The fact that the project involves big money is no secret. In 1980, the plan budget for the production of 710 mw of electricity was about Rs 445 crore. By 1998, the costs escalated to a whopping Rs 2,840 crore. This made electricity extremely expensive at a staggering Rs 6.45 per unit. Current estimates are a clear indicator of the non-viability of the project: if implemented now, it may cost as much as Rs 8,000 crore, which in turn will push up the power tariff to an astronomical Rs 12 per unit.

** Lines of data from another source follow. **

(* Let $\mathcal X\subseteq\mathbb{R}^d$ be compact, let $P$ be a probability measure supported on $\mathcal X$, let $r:\mathcal X\to\mathbb{R}$ be a measurable reward, and fix $\lambda\ge 0$. Let $T_\lambda:\mathbb{R}^d\to\mathcal X$ be a measurable map satisfying, for all $y$, $$T_\lambda(y)\in\operatorname*{argmax}_{x\in\mathcal X}\{r(x)-\lambda\|x-y\|^2\}.$$ Then the pushforward law $Q_\lambda=(T_\lambda)_\#P$ satisfies $$Q_\lambda\in\operatorname*{argmax}_{Q\in\Delta(\mathcal X)}\Big\{\mathbb E_Q[r]-\lambda\,\mathcal W_2^2(Q,P)\Big\}.$$
   Context: $\Delta(\mathcal X)$ is the set of probability measures on $\mathcal X$; $(T)_\#P$ is the law of $T(Y)$ for $Y\sim P$; $\mathcal W_2^2(Q,P)=\inf_{\gamma\in\Pi(Q,P)}\mathbb E_{(X,Y)\sim\gamma}\|X-Y\|_2^2$ with $\Pi(Q,P)$ the set of couplings; $\|\cdot\|$ is the Euclidean norm. *)

From HB Require Import structures.
From mathcomp Require Import all_boot all_order all_algebra.
From mathcomp Require Import all_classical all_reals all_analysis.
Set Implicit Arguments. Unset Strict Implicit. Unset Printing Implicit Defensive.
Import Order.TTheory GRing.Theory Num.Theory.
Import numFieldNormedType.Exports.
Local Open Scope classical_set_scope.
Local Open Scope ring_scope.

(* R^d is represented by d.-tuple R, whose canonical measurable structure is
   the product (= Borel) sigma-algebra. *)
Notation Rd R d := (d.-tuple R).

Definition sqdist {R : realType} {d : nat} (x y : d.-tuple R) : R :=
  \sum_(i < d) (tnth x i - tnth y i) ^+ 2.

(* view of a point of R^d as a row vector, to use the Euclidean topology *)
Definition to_rV {R : realType} {d : nat} (x : d.-tuple R) : 'rV[R]_d :=
  \row_(i < d) tnth x i.

Definition is_coupling {R : realType} {d : nat}
    (gamma : probability (d.-tuple R * d.-tuple R)%type R)
    (Q P : set (d.-tuple R) -> \bar R) : Prop :=
  (forall A, measurable A -> gamma (A `*` setT) = Q A) /\
  (forall B, measurable B -> gamma (setT `*` B) = P B).

Definition W2sq {R : realType} {d : nat}
    (Q P : set (d.-tuple R) -> \bar R) : \bar R :=
  ereal_inf [set (\int[gamma]_z (sqdist z.1 z.2)%:E)%E
            | gamma in [set gamma | @is_coupling R d gamma Q P]].

Definition objective {R : realType} {d : nat} (X : set (d.-tuple R))
    (r : d.-tuple R -> R) (lambda : R)
    (P Q : set (d.-tuple R) -> \bar R) : \bar R :=
  ((\int[Q]_(x in X) (r x)%:E) - lambda%:E * W2sq Q P)%E.

From HB Require Import structures.
From mathcomp Require Import all_boot all_order all_algebra.
From mathcomp Require Import all_classical all_reals all_analysis.
From mathcomp Require Import measurable_realfun lra.
Set Implicit Arguments. Unset Strict Implicit. Unset Printing Implicit Defensive.
Import Order.TTheory GRing.Theory Num.Theory.
Import numFieldNormedType.Exports.
Local Open Scope classical_set_scope.
Local Open Scope ring_scope.
(* Let $F$ be an Archimedean vector lattice with universal completion $F^{u}$, and let $E$ be a regular sublattice of $F$. Then the order closure $\overline{E}^{F^{u}}_{o}$ of $E$ viewed as a sublattice of $F^{u}$ is the universal completion of $E$ (i.e. it is universally complete and contains $E$ as an order dense sublattice), and $\overline{E}^{F}_{o}=\overline{E}^{F^{u}}_{o}\cap F$.
   Context: An order complete vector lattice is universally complete if every set of pairwise disjoint elements is order bounded. The universal completion $F^u$ of an Archimedean $F$ is the (unique) universally complete vector lattice containing $F$ as an order dense sublattice. Order convergence: a net converges to $f$ if there is a set $G$ with $\bigwedge G=0$ such that for each $g\in G$ the net is eventually in $[f-g,f+g]$. A set is order closed if it contains order limits of all its nets; the order closure $\overline{E}_o$ (in a given ambient lattice) is the intersection of all order closed sets containing $E$. A sublattice $E\subset F$ is regular if $\bigwedge_E G=0$ implies $\bigwedge_F G=0$ for all $G\subset E$; it is order dense in $H\supset E$ if each $h>0$ in $H$ dominates some $e\in E$ with $e>0$. *)

From HB Require Import structures.
From mathcomp Require Import all_boot all_order all_algebra.
From mathcomp Require Import reals.
Set Implicit Arguments. Unset Strict Implicit. Unset Printing Implicit Defensive.
Import Order.TTheory GRing.Theory Num.Theory.
Local Open Scope ring_scope.

Section VL.
Context {R : realType} {V : lmodType R} (le : V -> V -> Prop).

Definition is_upper_in (S G : V -> Prop) (x : V) : Prop :=
  S x /\ forall g, G g -> le g x.
Definition is_lower_in (S G : V -> Prop) (x : V) : Prop :=
  S x /\ forall g, G g -> le x g.
Definition is_sup_in (S G : V -> Prop) (x : V) : Prop :=
  is_upper_in S G x /\ forall y, is_upper_in S G y -> le x y.
Definition is_inf_in (S G : V -> Prop) (x : V) : Prop :=
  is_lower_in S G x /\ forall y, is_lower_in S G y -> le y x.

"The villagers aren't against development per se," says Mangda Gudia, a member of kkjs. "It is the way things are being done that irks us. Our struggle revolves around the issue of jal , jangal , jameen (water, forest and land) and our traditional rights." According to kkjs secretary Soma Munda, the Chhotanagpur Tenancy (cnt) Act empowers tribals and "if we go away from here, we will not get our khut-katti (traditional) rights." Meanwhile, the peoples' representatives -- one in parliament and another in the state assembly -- keep up the chorus: "People's demands will be fulfilled."

NHPC's dilemma
With politicians undecided and villagers adamant, not much has happened in the past three decades (see box: Turbulent times) except for the construction of a bridge on Karo river to haul supplies, and the setting up of a colony in Ranchi's Torpa block. The nhpc is now contemplating scrapping the project even after having spent Rs 50 crore on infrastructure because each passing day is only adding to the escalating costs.

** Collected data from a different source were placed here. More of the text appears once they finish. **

Lemma below_total a b v : below par a v -> below par b v -> below par a b || below par b a.
Proof.
case/belowP=> i <- /belowP[j <-]; have [ij|/ltnW ji] := leqP i j.
  by apply/orP; right; apply/belowP; exists (j - i)%N; rewrite -iterD subnK.
by apply/orP; left; apply/belowP; exists (i - j)%N; rewrite -iterD subnK.
Qed.

Lemma eq_tchildren (S S' : {set V}) r r' v :
    (forall c, par c = v -> (c \in tedges S r) = (c \in tedges S' r')) ->
  tchildren par S r v = tchildren par S' r' v.
Proof.
move=> edgeE; apply/setP => c; rewrite [LHS]inE [RHS]inE.
by have [/edgeE->|] := eqVneq (par c) v; rewrite ?andbF.
Qed.

Lemma tinteriorE (S : {set V}) r v :
  tinterior par S r v = (v \in tedges S r) && (tchildren par S r v != set0).
Proof. by rewrite /tinterior inE andbA. Qed.

End ParentMap.

Section Tree.
Variables (V : finType) (rho : V) (par : V -> V).
Hypothesis tree : is_tree_with_root_edge rho par.

Local Notation children u := (tchildren par [set: V] rho u).

Lemma in_children u c : (c \in children u) = (c != rho) && (par c == u).
Proof. by rewrite !inE. Qed.

Lemma par_root : par rho = rho.
Proof. by case: tree. Qed.

Lemma below_root u : below par u rho -> u = rho.
Proof.
case/belowP=> n <-; elim: n => //= n ->; exact: par_root.
Qed.

Lemma below_parent_root c : below par c (par c) -> c = rho.
Proof.
(* c would be periodic under par, yet its orbit reaches the fixed point rho. *)
case/belowP=> k cyc; have [_ reach _] := tree.
have cycm m : iter (m * k.+1) par c = c.
  by elim: m => // m IHm; rewrite mulSn iterD IHm iterSr.
have /belowP[n root_c] := reach c.
by rewrite -(cycm n) mulnSr iterD root_c; apply: below_root; apply/belowP; exists (n * k)%N.
Qed.

Lemma below_child u v : u != rho -> below par u v -> v != u ->
  exists2 c, c \in children u & below par c v.
Proof.
move=> u_rho /belowP[[|n] iter_v] vu; first by rewrite -iter_v eqxx in vu.
exists (iter n par v); last exact: fconnect_iter.
rewrite in_children -iterS iter_v eqxx andbT; apply: contraNneq u_rho => c_rho.
by rewrite -iter_v iterS c_rho par_root.
Qed.

Lemma children_disjoint u c1 c2 v : c1 \in children u -> c2 \in children u ->
  below par c1 v -> below par c2 v -> c1 = c2.
Proof.
have sub a b : a \in children u -> b \in children u -> below par a b -> a = b.
  rewrite !in_children => /andP[a_rho /eqP pa] /andP[_ /eqP pb] bab.
  apply/eqP; apply: contraNT a_rho => /eqP/nesym/eqP ba.
  by apply/eqP/below_parent_root; rewrite pa -pb below_step.
move=> c1u c2u b1 b2; case/orP: (below_total b1 b2) => [/sub->//|/sub<-//].
Qed.

Definition consistent_below (G : zmodType) u (h : V -> G) :=
  forall v, below par u v -> tinterior par [set: V] rho v ->
    h v = \sum_(c in children v) h c.

Lemma child_belowN u c : c \in children u -> ~~ below par c u.
Proof.
rewrite in_children => /andP[c_rho /eqP pc]; apply: contra c_rho => bcu.
by apply/eqP/below_parent_root; rewrite pc.
Qed.

Section JoinChildren.
Variables (G : zmodType) (u : V) (g : G) (H : V -> V -> G).

Definition join_children v : G :=
  if v == u then g
  else if [pick c in children u | below par c v] is Some c then H c v else 0.

Lemma join_children_root : join_children u = g.
Proof. by rewrite /join_children eqxx. Qed.

Lemma join_childrenE c v : c \in children u -> below par c v -> join_children v = H c v.
Proof.
move=> cu bcv; rewrite /join_children ifN; last by apply: contraNneq (child_belowN cu) => <-.
case: pickP => [c' /andP[c'u bc'v]|/(_ c)]; last by rewrite cu bcv.
by rewrite (children_disjoint c'u cu bc'v bcv).
Qed.

Lemma consistent_join_children : u != rho ->
    {in children u, forall c, consistent_below c (H c)} ->
    (children u != set0 -> \sum_(c in children u) H c c = g) ->
  consistent_below u join_children.
Proof.
move=> u_rho H_cons H_sum v buv; have [-> u_int|vu v_int] := eqVneq v u.
  rewrite join_children_root -H_sum; last by move: u_int; rewrite tinteriorE => /andP[].
  by apply: eq_bigr => c cu; rewrite (join_childrenE cu (below_refl _ _)).
have [c cu bcv] := below_child u_rho buv vu.
rewrite (join_childrenE cu bcv) H_cons //; apply: eq_bigr => c'.
rewrite in_children => /andP[_ /eqP pc'].
by rewrite (join_childrenE cu) //; apply: below_par; rewrite pc'.
Qed.

End JoinChildren.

The situation wasn't so bad till the late 1980s. "Our relationship with the people here was almost cordial," recalls Dayal. " nhpc had come up with a model village plan to be implemented by the state government and we had also decided to chip in for other housing schemes like the Indira Awas Yojana." However, be it the pre-Jharkhand Bihar government or the current dispensation in the fledgling state, neither has made a concerted effort to implement the project, reveal nhpc officials. "We are ready to wind up. The situation is hopeless," sums up an official of the corporation.

Road to nowhere
Another fallout from the stalemate is the utter neglect of the area, which has reduced it to one of the poorest in Ranchi. Basic infrastructure, including hospitals and schools, is conspicuous by its absence. No government official dares to venture into the region because of its notorious reputation of being hostile to anything linked with the authorities.

Initially, when the movement started in the 1970s with the kaam roko andolan (agitation to stall work), "we were not in favour of scrapping the project," says Soma Munda. The apprehensions set in when, in 1984-85, the government put forth rosy proposals of relocation and rehabilitation but did not deliver. This made the villagers rethink their stand on the project and, in the years to follow, they became completely opposed to it. In 1995, when the Bihar government invited the then prime minister, P V Narasimha Rao, to inaugurate the project without informing the villagers, "we lost our patience", says Soma Munda. Rao did not turn up, but the incident changed the face of the struggle. This move was all the more intriguing because the project had been put into cold storage at an earlier date.

Off the record, the authorities concede that the project is as good as terminated. But till they clear the air officially, a cloud of uncertainty will hang over the future of those affected by it.